Следовательно, основные элементы такого подготовительного этапа лечения, о которых я говорила выше, имеют место и при анализе взрослых пациентов. Но мне кажется, что я неправильно формулировала свою мысль.

Было бы правильнее сказать: в технике анализа взрослых людей мы обнаруживаем еще элементы тех приемов, которые оказались необходимыми по отношению к ребенку. Границы их использования определяются тем, в какой мере взрослый пациент, с которым мы работаем, остается незрелым и зависимым существом и насколько он, следовательно, приближается в этом отношении к ребенку.

До сих пор речь шла только о подготовительном этапе лечения и о создании аналитической ситуации.

Допустим теперь, что аналитику действительно удалось с помощью вышеприведенных приемов завоевать доверие ребенка, вызвать у него осознание своей болезни и, руководствуясь своим собственным решением, стремится теперь изменить свое состояние.
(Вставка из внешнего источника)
Lemma qcoef_stdcomb_val L n i j :
  qcoef (stdcomb_val L) (n, i, j) = \sum_(k <- stdcomb_keys L)
    stdcomb_coef L k.1 k.2 * qcoef (stdmon k.1.1 k.1.2) (n - k.2, i, j).
Proof.
rewrite /qcoef /stdcomb_val big_flatten big_map /=.
under eq_bigr do rewrite -/(qcoef _ _) qcoef_shift.
rewrite (@big_partition_seq _ _ _ L (fun e => (e.1, e.2.1)) (stdcomb_keys L) _
  (undup_uniq _)); last first.
  by move=> e eL; rewrite mem_undup map_f.
apply: eq_bigr => -[cd k] _; rewrite /stdcomb_coef big_distrl /=.
apply: eq_big => [e|e /eqP[<- <-]] //; by rewrite xpair_eqE.
Qed.

Definition corner_key (lo : bool) (cd : int * int) : int *l int :=
  (orient lo (corner lo cd.1 cd.2), cd.2).

Lemma stdmon_coef_at_corner lo c d c' d' n :
  (corner_key lo (c, d) <= corner_key lo (c', d'))%O ->
  qcoef (stdmon c' d') (n, corner lo c d, d) != 0 -> (c', d') = (c, d).
Proof.
rewrite lexi_pair /= => /andP[le1 /implyP le2] /qcoef_neq0 [p pE pm].
have [_ /allP /(_ p pE) /andP[ge1 ge2] _] := qcorner_stdmon lo c' d'.
rewrite pm /deg1 /deg2 /= in ge1 ge2.
have ed : d' = d by apply/eqP; rewrite eq_le ge2 le2.
move: le1 ge1; rewrite ed /corner; case: (lo) => /= *; congr pair; lia.
Qed.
Таким образом, перед нами стоит второй вопрос, рассмотрение тех приемов, которыми мы располагаем для собственно аналитической работы с ребенком.
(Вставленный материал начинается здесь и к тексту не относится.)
(* Write $Q:=3^\ell$ with $\ell\ge 5$. Let $n_1,n_2,n_5,n_9$ be nonnegative integers for which $n_1+2n_2+5n_5+9n_9=Q-1$ and the union of the base-$3$ expansions of the $n_j$'s consists of one copy of each $3^i$ with $0\le i\le \ell-2$ and $i\ne 2$, along with either one copy of $2\cdot 9$ or two copies of $9$. Then the base-$3$ expansion of $n_5$ contains $Q/9$, and if $\ell\ge 6$ then the base-$3$ expansion of $n_9$ contains $Q/27$.
   Context: A term of the base-$p$ expansion of a nonnegative integer $m=\sum_j b_jp^j$ (with $0\le b_j\le p-1$) is some $b_jp^j$ with $b_j>0$. The union of the base-$p$ expansions of several integers means the multiset of all terms of all these integers. *)

From mathcomp Require Import all_boot.
Set Implicit Arguments. Unset Strict Implicit. Unset Printing Implicit Defensive.

Definition digit (p m j : nat) : nat := (m %/ p ^ j) %% p.

(* The terms of the base-p expansion of m: the values b_j * p^j with b_j > 0.
   Positions j range over 0..m, which covers all nonzero digits (p^j > m
   for j > m when p >= 2). *)
Definition base_terms (p m : nat) : seq nat :=
  [seq digit p m j * p ^ j | j <- iota 0 m.+1 & digit p m j != 0].

Definition terms_union (p : nat) (ms : seq nat) : seq nat :=
  flatten [seq base_terms p m | m <- ms].

(* Put c_i = d_i(n1) + 2 d_i(n2) + 5 d_i(n5) + 9 d_i(n9), where d_i is the i-th ternary digit.
   The multiset hypothesis says that in every column i < l - 1 other than i = 2 exactly one of
   the four digits is 1 and the others vanish, so c_i is 1, 2, 5 or 9, while c_2 <= 18; and
   sum_i c_i 3^i = 3^l - 1.  Adding 1 to this sum column by column gives carries m_i with
   m_0 = 1, m_i + c_i = 3 m_(i+1) and m_(l-1) = 3.  A carry 1 or 2 stays 1 or 2 (then
   m_i + c_i <= 11 and m_i + c_i <> 9), so m_3 <= (2 + 18) / 3, and afterwards every carry is at
   most (6 + 9) / 3.  At the top, m_(l-2) + c_(l-2) = 9 with 1 <= m_(l-2) <= 6 forces
   c_(l-2) = 5 and m_(l-2) = 4; one column lower m_(l-3) + c_(l-3) = 12 forces c_(l-3) = 9.
   Finally c_i = 5 (resp. 9) means that the digit of n5 (resp. n9) in column i is 1. *)

From mathcomp Require Import all_boot zify.

Set Implicit Arguments.
Unset Strict Implicit.
Unset Printing Implicit Defensive.

Lemma digit_lt p n i : 0 < p -> digit p n i < p.
Proof. exact: ltn_pmod. Qed.

Lemma digit_small p n i : n < p ^ i -> digit p n i = 0.
Proof. by move=> lt_n; rewrite /digit divn_small ?mod0n. Qed.

Lemma digitS p n i : digit p n i.+1 = digit p (n %/ p) i.
Proof. by rewrite /digit expnS divnMA. Qed.

Lemma digit_expansion_lt p N n :
  n < p ^ N -> n = \sum_(0 <= i < N) digit p n i * p ^ i.
Proof.
elim: N n => [|N IH] n lt_n; first by rewrite big_geq //; case: n lt_n.
have p_gt0 : 0 < p by move: lt_n; case: (posnP p) => [->|//]; rewrite exp0n.
rewrite big_nat_recl //.
under eq_bigr => i _ do rewrite digitS expnS mulnCA.
rewrite -big_distrr /= -IH; last by rewrite ltn_divLR // -expnSr.
by rewrite /digit expn0 divn1 muln1 {1}(divn_eq n p) addnC mulnC.
Qed.

Lemma digit_expansion p N n : 1 < p ->
  (forall i, N <= i -> digit p n i = 0) ->
  n = \sum_(0 <= i < N) digit p n i * p ^ i.
Proof.
move=> p_gt1 high_digits.
have lt_n : n < p ^ (n + N).
  by apply: leq_trans (ltn_expl n p_gt1) _; rewrite leq_pexp2l ?leq_addr // ltnW.
rewrite {1}(digit_expansion_lt lt_n) (big_cat_nat (n := N)) ?leq_addl //=.
rewrite [X in _ + X]big1_seq ?addn0 // => i /andP[_].
by rewrite mem_index_iota => /andP[/high_digits-> _].
Qed.

Lemma trunc_log_digit_term p d i : 0 < d < p -> trunc_log p (d * p ^ i) = i.
Proof.
case/andP=> d_gt0 lt_dp; apply: trunc_log_eq; first exact: leq_ltn_trans lt_dp.
by rewrite leq_pmull //= expnSr mulnC ltn_pmul2l // expn_gt0 (ltn_trans d_gt0).
Qed.

Lemma eq_digit_terms p a b i j : 0 < a < p -> 0 < b < p ->
  (a * p ^ i == b * p ^ j) = (a == b) && (i == j).
Proof.
move=> a_digit b_digit; apply/eqP/andP => [eq_ab | [/eqP-> /eqP->] //].
have eq_ij : i = j by rewrite -(trunc_log_digit_term i a_digit) eq_ab trunc_log_digit_term.
move: eq_ab; rewrite eq_ij => /eqP; rewrite eqn_pmul2r ?expn_gt0; last by case/andP: a_digit; lia.
by move=> ->.
Qed.

Lemma count_base_terms p n d i : 0 < d < p ->
  count_mem (d * p ^ i) (base_terms p n) = (digit p n i == d).
Proof.
move=> d_digit; have /andP[d_gt0 lt_dp] := d_digit.
rewrite /base_terms count_map count_filter.
rewrite (eq_count (a2 := fun j => (digit p n i == d) && (j == i))) => [|j /=].
  case: eqP => [digit_i|_]; last by rewrite count_pred0.
  have le_pi_n : p ^ i <= n by rewrite leqNgt; apply/negP => /digit_small; lia.
  rewrite -[count _ _]/(count_mem i (iota 0 n.+1)) count_uniq_mem ?iota_uniq //.
  rewrite mem_iota add0n ltnS /=.
  by rewrite (leq_trans _ le_pi_n) // ltnW // ltn_expl // (leq_ltn_trans d_gt0).
have [digit_j0|digit_j_gt0] := posnP (digit p n j).
  rewrite digit_j0 andbF; apply/esym/andP => -[/eqP digit_i /eqP eq_ji].
  by move: digit_i; rewrite -eq_ji digit_j0; lia.
rewrite andbT eq_digit_terms //; last by rewrite digit_j_gt0 digit_lt // (ltn_trans d_gt0).
by case: (eqVneq j i) => [->|]; rewrite ?andbF.
Qed.

Lemma mem_base_terms p n d i : 0 < d < p ->
  (d * p ^ i \in base_terms p n) = (digit p n i == d).
Proof. by move=> d_digit; rewrite -has_pred1 has_count count_base_terms // lt0b. Qed.

Lemma digit_indicator_sum p n i : 0 < p ->
  digit p n i = \sum_(d < p) d * (digit p n i == d).
Proof.
move=> p_gt0; rewrite (bigD1 (Ordinal (digit_lt n i p_gt0))) //= eqxx muln1.
rewrite big1 ?addn0 // => d; rewrite -val_eqE /= eq_sym => /negbTE->.
by rewrite muln0.
Qed.

Lemma sum_digits_terms_union p ms i : 0 < p ->
  \sum_(m <- ms) digit p m i
    = \sum_(d < p) d * count_mem (d * p ^ i) (terms_union p ms).
Proof.
move=> p_gt0; under eq_bigr => m _ do rewrite (digit_indicator_sum _ _ p_gt0).
rewrite exchange_big; apply: eq_bigr => d _ /=; rewrite -big_distrr /=.
have [->|d_gt0] := posnP d; first by rewrite !mul0n.
rewrite /terms_union count_flatten sumnE !big_map; congr (_ * _).
by apply: eq_bigr => m _; rewrite count_base_terms // d_gt0 ltn_ord.
Qed.

Lemma count_powers_except p d i j N : 1 < p -> 0 < d < p ->
  count_mem (d * p ^ i) [seq p ^ k | k <- iota 0 N & k != j]
    = [&& d == 1, i < N & i != j].
Proof.
move=> p_gt1 d_digit; rewrite count_map count_filter.
rewrite (eq_count (a2 := fun k => [&& d == 1, i != j & k == i])) => [|k /=]; last first.
  rewrite -[p ^ k]mul1n eq_digit_terms // eq_sym.
  by case: (eqVneq k i) => [->|]; rewrite ?andbF ?andbT.
case: (d == 1); case: (i != j); rewrite ?andbF ?count_pred0 //= andbT.
by rewrite -[count _ _]/(count_mem i (iota 0 N)) count_uniq_mem ?iota_uniq // mem_iota.
Qed.

Lemma sum_ternary_digits_terms_union ms i :
  \sum_(m <- ms) digit 3 m i
    = count_mem (3 ^ i) (terms_union 3 ms) + 2 * count_mem (2 * 3 ^ i) (terms_union 3 ms).
Proof.
by rewrite sum_digits_terms_union // !big_ord_recl big_ord0 /= /bump /= !addn0 !mul0n add0n !mul1n.
Qed.

Lemma column_digit_sum l n1 n2 n5 n9 :
  (perm_eq (terms_union 3 [:: n1; n2; n5; n9])
           ([seq 3 ^ i | i <- iota 0 (l - 1) & i != 2] ++ [:: 2 * 9])
   \/
   perm_eq (terms_union 3 [:: n1; n2; n5; n9])
           ([seq 3 ^ i | i <- iota 0 (l - 1) & i != 2] ++ [:: 9; 9])) ->
  forall i, digit 3 n1 i + digit 3 n2 i + digit 3 n5 i + digit 3 n9 i
              = ((i < l - 1) && (i != 2)) + 2 * (i == 2).
Proof.
move=> perm_terms i.
have := sum_ternary_digits_terms_union [:: n1; n2; n5; n9] i.
rewrite !big_cons big_nil addn0 !addnA => ->.
have ones := @count_powers_except 3 1 i 2 (l - 1) isT isT; rewrite mul1n in ones.
have twos := @count_powers_except 3 2 i 2 (l - 1) isT isT.
have term_eq a b : 0 < a < 3 -> 0 < b < 3 -> (a * 3 ^ 2 == b * 3 ^ i) = (a == b) && (i == 2).
  by move=> a_digit b_digit; rewrite eq_digit_terms // [2 == i]eq_sym.
have eighteen_one : (2 * 9 == 3 ^ i) = false by rewrite -[3 ^ i]mul1n (term_eq 2 1).
have eighteen_two : (2 * 9 == 2 * 3 ^ i) = (i == 2) by rewrite (term_eq 2 2).
have nine_one : (9 == 3 ^ i) = (i == 2) by rewrite -[9]/(1 * 3 ^ 2) -[3 ^ i]mul1n term_eq.
have nine_two : (9 == 2 * 3 ^ i) = false by rewrite -[9]/(1 * 3 ^ 2) term_eq.
case: perm_terms => /permP count_eq; rewrite !count_eq !count_cat ones twos /=.
- by rewrite eighteen_one eighteen_two; lia.
- by rewrite nine_one nine_two; lia.
Qed.

Section Carries.

Variables (p : nat) (c : nat -> nat).

Definition partial_sum k := \sum_(0 <= i < k) c i * p ^ i.

(* The carry into column [k] when 1 is added to [\sum_i c i * p ^ i] column by column. *)
Definition carry k := (partial_sum k).+1 %/ p ^ k.

Lemma carry0 : carry 0 = 1.
Proof. by rewrite /carry /partial_sum big_geq // expn0 divn1. Qed.

Variable L : nat.
Hypothesis p_gt0 : 0 < p.
Hypothesis dvd_partial_sum_L : p ^ L %| (partial_sum L).+1.

Lemma dvd_partial_sum k : k <= L -> p ^ k %| (partial_sum k).+1.
Proof.
move=> le_kL; have := dvdn_trans (dvdn_exp2l p le_kL) dvd_partial_sum_L.
rewrite /partial_sum (big_cat_nat (n := k)) //= -addSn dvdn_addl //.
rewrite big_seq; apply: dvdn_sum => i; rewrite mem_index_iota => /andP[le_ki _].
exact: dvdn_mull (dvdn_exp2l p le_ki).
Qed.

Lemma partial_sumE k : k <= L -> (partial_sum k).+1 = carry k * p ^ k.
Proof. by move=> le_kL; rewrite divnK // dvd_partial_sum. Qed.

Lemma carry_gt0 k : k <= L -> 0 < carry k.
Proof. by move=> /partial_sumE; case: (carry k). Qed.

Lemma carryS k : k < L -> carry k + c k = p * carry k.+1.
Proof.
move=> lt_kL; apply/eqP; rewrite -(eqn_pmul2r (m := p ^ k)) ?expn_gt0 ?p_gt0 //.
rewrite mulnDl [X in _ == X]mulnAC -expnS [X in _ == X]mulnC.
by rewrite -!partial_sumE ?(ltnW lt_kL) // /partial_sum big_nat_recr.
Qed.

End Carries.

Section ColumnWeights.

Variables l n1 n2 n5 n9 : nat.
Hypothesis l_ge5 : 5 <= l.
Hypothesis weighted_sum : n1 + 2 * n2 + 5 * n5 + 9 * n9 = 3 ^ l - 1.
Hypothesis column_sum : forall i,
  digit 3 n1 i + digit 3 n2 i + digit 3 n5 i + digit 3 n9 i
    = ((i < l - 1) && (i != 2)) + 2 * (i == 2).

Definition column_weight i :=
  digit 3 n1 i + 2 * digit 3 n2 i + 5 * digit 3 n5 i + 9 * digit 3 n9 i.

Local Notation carry_w := (carry 3 column_weight).

Lemma column_sum_one i : i < l - 1 -> i != 2 ->
  digit 3 n1 i + digit 3 n2 i + digit 3 n5 i + digit 3 n9 i = 1.
Proof. by move=> lt_il ne_i2; rewrite column_sum lt_il ne_i2 (negbTE ne_i2). Qed.

Lemma column_weight_cases i : i < l - 1 -> i != 2 ->
  column_weight i = 1 \/ column_weight i = 2 \/ column_weight i = 5 \/ column_weight i = 9.
Proof. by move=> lt_il ne_i2; have := column_sum_one lt_il ne_i2; rewrite /column_weight; lia. Qed.

Lemma column_weight2_le : column_weight 2 <= 18.
Proof. by have := column_sum 2; rewrite andbF /column_weight; lia. Qed.

Lemma digit_n5_of_weight5 i : i < l - 1 -> i != 2 ->
  column_weight i = 5 -> digit 3 n5 i = 1.
Proof. by move=> lt_il ne_i2; have := column_sum_one lt_il ne_i2; rewrite /column_weight; lia. Qed.

Lemma digit_n9_of_weight9 i : i < l - 1 -> i != 2 ->
  column_weight i = 9 -> digit 3 n9 i = 1.
Proof. by move=> lt_il ne_i2; have := column_sum_one lt_il ne_i2; rewrite /column_weight; lia. Qed.

Lemma partial_sum_column_weight : partial_sum 3 column_weight (l - 1) = 3 ^ l - 1.
Proof.
have high_digits i : l - 1 <= i ->
    [/\ digit 3 n1 i = 0, digit 3 n2 i = 0, digit 3 n5 i = 0 & digit 3 n9 i = 0].
  move=> le_li; have := column_sum i.
  rewrite ltnNge le_li (_ : (i == 2) = false) /=; last by apply/eqP; lia.
  by move=> digits0; split; lia.
rewrite -weighted_sum.
rewrite {1}(@digit_expansion 3 (l - 1) n1) //; last by move=> i /high_digits[].
rewrite {1}(@digit_expansion 3 (l - 1) n2) //; last by move=> i /high_digits[].
rewrite {1}(@digit_expansion 3 (l - 1) n5) //; last by move=> i /high_digits[].
rewrite {1}(@digit_expansion 3 (l - 1) n9) //; last by move=> i /high_digits[].
rewrite !big_distrr -!big_split; apply: eq_bigr => i _.
by rewrite /column_weight 3!mulnDl -!mulnA.
Qed.

Lemma partial_sum_column_weight_succ :
  (partial_sum 3 column_weight (l - 1)).+1 = 3 * 3 ^ (l - 1).
Proof.
rewrite partial_sum_column_weight -expnS (_ : (l - 1).+1 = l); last lia.
have : 0 < 3 ^ l by rewrite expn_gt0.
lia.
Qed.

Lemma dvd_partial_sum_column_weight :
  3 ^ (l - 1) %| (partial_sum 3 column_weight (l - 1)).+1.
Proof. by rewrite partial_sum_column_weight_succ dvdn_mull. Qed.

Lemma carry_column_weight_top : carry_w (l - 1) = 3.
Proof. by rewrite /carry partial_sum_column_weight_succ mulnK ?expn_gt0. Qed.

Lemma carry_column_weightS k : k < l - 1 ->
  carry_w k + column_weight k = 3 * carry_w k.+1.
Proof. exact/carryS/dvd_partial_sum_column_weight. Qed.

Lemma carry_column_weight_gt0 k : k <= l - 1 -> 0 < carry_w k.
Proof. exact/carry_gt0/dvd_partial_sum_column_weight. Qed.

Lemma carry_column_weight_le2 k : k <= 2 -> carry_w k <= 2.
Proof.
elim: k => [|k IH] le_k2; first by rewrite carry0.
have [lt_kl ne_k2] : k < l - 1 /\ k != 2 by lia.
have := carry_column_weightS lt_kl; have := carry_column_weight_gt0 (ltnW lt_kl).
by have := column_weight_cases lt_kl ne_k2; have := IH (ltnW le_k2); lia.
Qed.

Lemma carry_column_weight_le6 k : k <= l - 1 -> carry_w k <= 6.
Proof.
elim: k => [|k IH] le_kl; first by rewrite carry0.
have lt_kl : k < l - 1 by lia.
have := carry_column_weightS lt_kl.
case: (eqVneq k 2) => [->|ne_k2].
  by have := carry_column_weight_le2 (leqnn 2); have := column_weight2_le; lia.
by have := column_weight_cases lt_kl ne_k2; have := IH (ltnW le_kl); lia.
Qed.

Lemma column_weight_second_top : column_weight (l - 2) = 5 /\ carry_w (l - 2) = 4.
Proof.
have [lt_l2 ne_l2] : l - 2 < l - 1 /\ l - 2 != 2 by lia.
have := carry_column_weightS lt_l2; rewrite (_ : (l - 2).+1 = l - 1); last lia.
rewrite carry_column_weight_top.
have := carry_column_weight_gt0 (ltnW lt_l2); have := carry_column_weight_le6 (ltnW lt_l2).
by have := column_weight_cases lt_l2 ne_l2; lia.
Qed.

Lemma column_weight_third_top : 6 <= l -> column_weight (l - 3) = 9.
Proof.
move=> l_ge6; have [lt_l3 ne_l3] : l - 3 < l - 1 /\ l - 3 != 2 by lia.
have := carry_column_weightS lt_l3; rewrite (_ : (l - 3).+1 = l - 2); last lia.
have [_ ->] := column_weight_second_top.
have := carry_column_weight_le6 (ltnW lt_l3).
by have := column_weight_cases lt_l3 ne_l3; lia.
Qed.

Lemma digit_n5_second_top : digit 3 n5 (l - 2) = 1.
Proof.
apply: digit_n5_of_weight5; [lia | lia | exact: column_weight_second_top.1].
Qed.

Lemma digit_n9_third_top : 6 <= l -> digit 3 n9 (l - 3) = 1.
Proof.
move=> l_ge6; apply: digit_n9_of_weight9; [lia | lia | exact: column_weight_third_top].
Qed.

End ColumnWeights.

Theorem lemma4p2 (l n1 n2 n5 n9 : nat) :
  5 <= l ->
  n1 + 2 * n2 + 5 * n5 + 9 * n9 = 3 ^ l - 1 ->
  (perm_eq (terms_union 3 [:: n1; n2; n5; n9])
           ([seq 3 ^ i | i <- iota 0 (l - 1) & i != 2] ++ [:: 2 * 9])
   \/
   perm_eq (terms_union 3 [:: n1; n2; n5; n9])
           ([seq 3 ^ i | i <- iota 0 (l - 1) & i != 2] ++ [:: 9; 9])) ->
  (3 ^ l %/ 9 \in base_terms 3 n5) /\
  (6 <= l -> 3 ^ l %/ 27 \in base_terms 3 n9).
Proof.
move=> l_ge5 weighted_sum perm_terms.
have column_sum := column_digit_sum perm_terms.
have top_power k : k <= l -> 3 ^ l %/ 3 ^ k = 1 * 3 ^ (l - k).
  by move=> le_kl; rewrite mul1n expnB.
split => [|l_ge6].
- rewrite -[9]/(3 ^ 2) top_power ?mem_base_terms //; last lia.
  by rewrite (digit_n5_second_top l_ge5 weighted_sum column_sum).
- rewrite -[27]/(3 ^ 3) top_power ?mem_base_terms //; last lia.
  by rewrite (digit_n9_third_top l_ge5 weighted_sum column_sum).
Qed.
В технике анализа взрослых пациентов мы имеем четыре таких вспомогательных приема. Мы пользуемся, во-первых, всем тем, что может нам дать сознательное воспоминание пациента, для составления возможно более подробной истории болезни. Мы пользуемся толкованием сновидений. Мы перерабатываем и интерпретируем свободные ассоциации, которые дает нам анализируемый. И пользуясь, наконец, интерпретацией его реакций переноса, мы пытаемся проникнуть в те его прежние переживания, которые никак иначе не могут быть переведены в сознание. Вы должны будете в дальнейшем терпеливо подвергнуть систематическому рассмотрению эти приемы и проверить, могут ли они быть применены и использованы в детском анализе.
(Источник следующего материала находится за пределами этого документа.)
(* Let $n\ge 2$ and let $S$ be a set of vertices of the hypercube $Q_n$ such that the induced subgraph $Q_n[S]$ has maximum degree at most one. Then, identifying vertices of $Q_n$ with subsets of $[n]$, the collection $V(Q_n)\setminus S$ is the collection of feasible sets of a delta-matroid with ground set $[n]$.
   Context: The $n$-dimensional hypercube $Q_n$ has vertex set $\{0,1\}^n$, two vertices adjacent if they differ in exactly one coordinate; each vertex is identified with the subset of $[n]=\{1,\dots,n\}$ of which it is the indicator vector. A delta-matroid $(E,\mathcal F)$ consists of a finite ground set $E$ and a non-empty collection $\mathcal F$ of subsets of $E$ (the feasible sets) satisfying the symmetric exchange axiom: for all $X,Y\in\mathcal F$ and every $e\in X\triangle Y$ there exists $f\in X\triangle Y$ (possibly $f=e$) with $X\triangle\{e,f\}\in\mathcal F$. *)

(* Ground set [n] is represented by 'I_n; vertices of Q_n
   are identified with subsets of 'I_n, i.e. elements of {set 'I_n}. *)
From mathcomp Require Import all_boot.
Set Implicit Arguments. Unset Strict Implicit. Unset Printing Implicit Defensive.

Definition symdiff (T : finType) (A B : {set T}) : {set T} := (A :\: B) :|: (B :\: A).

Definition qadj (n : nat) (X Y : {set 'I_n}) : bool := #|symdiff X Y| == 1.

Definition maxdeg_le1 (n : nat) (S : {set {set 'I_n}}) : Prop :=
  forall X, X \in S -> #|[set Y in S | qadj X Y]| <= 1.

Definition is_delta_matroid (T : finType) (F : {set {set T}}) : Prop :=
  F != set0 /\
  forall X Y, X \in F -> Y \in F ->
    forall e, e \in symdiff X Y ->
      exists2 f, f \in symdiff X Y & symdiff X [set e; f] \in F.

From mathcomp Require Import all_boot.

Set Implicit Arguments.
Unset Strict Implicit.
Unset Printing Implicit Defensive.

(* Fix X, Y outside S and e in X (+) Y, and put Z := X (+) {e}.  The sets
   X (+) {e, f}, for f <> e in X (+) Y, are pairwise distinct neighbours of Z.
   If Z is outside S, exchange e with itself.  Otherwise at most one of these
   neighbours lies in S, so some f works unless X (+) Y has at most two
   elements; but then Y itself is X (+) {e} or X (+) {e, f}.  For
   nonemptiness, the empty set has two neighbours when n >= 2, so S cannot
   contain every vertex. *)

Lemma in_symdiff (T : finType) (A B : {set T}) x :
  (x \in symdiff A B) = (x \in A) (+) (x \in B).
Proof. by rewrite /symdiff !inE; case: (x \in A); case: (x \in B). Qed.

Lemma symdiffK (T : finType) (A B : {set T}) : symdiff A (symdiff A B) = B.
Proof. by apply/setP=> x; rewrite !in_symdiff; case: (x \in A); case: (x \in B). Qed.

Lemma symdiff_inj (T : finType) (A : {set T}) : injective (symdiff A).
Proof. by move=> B C eqBC; rewrite -(symdiffK A B) eqBC symdiffK. Qed.

Lemma symdiff_set2 (T : finType) (A : {set T}) e f : e != f ->
  symdiff A [set e; f] = symdiff (symdiff A [set e]) [set f].
Proof.
move=> ef; apply/setP=> x; rewrite !in_symdiff !inE.
by case: (eqVneq x e) => [->|_]; rewrite ?(negbTE ef) ?addbF.
Qed.

Lemma qadj_symdiff (n : nat) (X A : {set 'I_n}) :
  qadj X (symdiff X A) = (#|A| == 1).
Proof. by rewrite /qadj symdiffK. Qed.

Lemma qadj_symdiff1 (n : nat) (X : {set 'I_n}) i : qadj X (symdiff X [set i]).
Proof. by rewrite qadj_symdiff cards1. Qed.

Section MaxDegreeOne.

Variables (n : nat) (S : {set {set 'I_n}}).
Hypothesis degS : maxdeg_le1 S.

Lemma maxdeg_le1_nbr_uniq Z W1 W2 : Z \in S -> W1 \in S -> W2 \in S ->
  qadj Z W1 -> qadj Z W2 -> W1 = W2.
Proof.
move=> ZS W1S W2S adj1 adj2; apply/eqP; apply: contraTT (degS ZS) => W12.
have sub : [set W1; W2] \subset [set Y in S | qadj Z Y].
  by apply/subsetP=> Y; rewrite !inE => /orP[]/eqP->; apply/andP.
by rewrite -ltnNge (leq_trans _ (subset_leq_card sub)) // cards2 W12.
Qed.

Lemma maxdeg_le1_compl_neq0 : 1 < n -> ~: S != set0.
Proof.
move=> n_gt1; have n_gt0 : 0 < n := ltnW n_gt1.
apply/set0Pn; apply/existsP; apply: contraT => /existsPn allS.
have inS X : X \in S by have := allS X; rewrite inE negbK.
have := maxdeg_le1_nbr_uniq (inS set0) (inS _) (inS _)
  (qadj_symdiff1 _ (Ordinal n_gt0)) (qadj_symdiff1 _ (Ordinal n_gt1)).
by move/symdiff_inj/set1_inj/(congr1 val).
Qed.

Lemma maxdeg_le1_flip2 X e f g : symdiff X [set e] \in S ->
  e != f -> e != g -> symdiff X [set e; f] \in S -> symdiff X [set e; g] \in S ->
  f = g.
Proof.
move=> ZS ef eg; rewrite !symdiff_set2 // => WfS WgS.
apply/set1_inj/symdiff_inj/(maxdeg_le1_nbr_uniq ZS WfS WgS); exact: qadj_symdiff1.
Qed.

Lemma maxdeg_le1_exchange X Y e : X \notin S -> Y \notin S ->
  e \in symdiff X Y ->
  exists2 f, f \in symdiff X Y & symdiff X [set e; f] \notin S.
Proof.
move=> XnS YnS eD; set D := symdiff X Y.
have YE : Y = symdiff X D by rewrite symdiffK.
have DE : D = e |: (D :\ e) by rewrite setD1K.
case ZS: (symdiff X [set e] \in S); last by exists e; rewrite // setUid ZS.
have [/cards0_eq D'0 | ] := posnP #|D :\ e|.
  by move: YnS; rewrite YE DE D'0 setU0 ZS.
rewrite leq_eqVlt eq_sym => /orP[/cards1P[f D'f] | /card_gt1P[f [g [fD' gD' fg]]]].
  have fD : f \in D by rewrite DE D'f !inE eqxx orbT.
  by exists f; rewrite // -D'f -DE -YE.
move: fD' gD'; rewrite !in_setD1 => /andP[fe fD] /andP[ge gD].
case WfS: (symdiff X [set e; f] \in S); last by exists f; rewrite ?WfS.
case WgS: (symdiff X [set e; g] \in S); last by exists g; rewrite ?WgS.
by rewrite (maxdeg_le1_flip2 ZS _ _ WfS WgS) 1?eq_sym ?eqxx in fg.
Qed.

End MaxDegreeOne.

Theorem lemma3p4 (n : nat) (hn : 2 <= n) (S : {set {set 'I_n}}) :
  maxdeg_le1 S -> is_delta_matroid (~: S).
Proof.
move=> degS; split; first exact: maxdeg_le1_compl_neq0.
move=> X Y; rewrite !inE => XnS YnS e eD.
have [f fD WnS] := maxdeg_le1_exchange degS XnS YnS eD.
by exists f; rewrite // inE.
Qed.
Уже при составлении истории болезни на основании сознательных воспоминаний пациента мы наталкиваемся на первое отличие. Имея дело со взрослым пациентом, мы стараемся не использовать сведений, полученных от членов его семьи, а полагаемся исключительно на те сведения, которые он сам может нам дать. Мы обосновываем это добровольное ограничение тем, что сведения, полученные от членов семьи больного, в большинстве случаев бывают ненадежными, неполными и окраска их обусловливается личной установкой того или иного члена семьи по отношению к больному. Ребенок же может рассказать нам очень немногое о своей болезни. Его воспоминания ограничены коротким периодом времени, пока на помощь ему не приходит анализ. Он так занят актуальными переживаниями, что воспоминания о прошедшем бледнеют в сравнении с ними. Кроме того, он сам не знает, когда возникли его отклонения и когда он стал отличаться от других детей. Ребенок не склонен еще сравнивать себя с другими детьми, у него еще слишком мало собственных критериев, по которым он мог бы судить о своей недостаточности. Таким образом, аналитик, работающий с детьми, фактически собирает сведения об анамнезе у родителей пациента. При этом он учитывает всевозможные неточности и искажения, обусловленные личными мотивами.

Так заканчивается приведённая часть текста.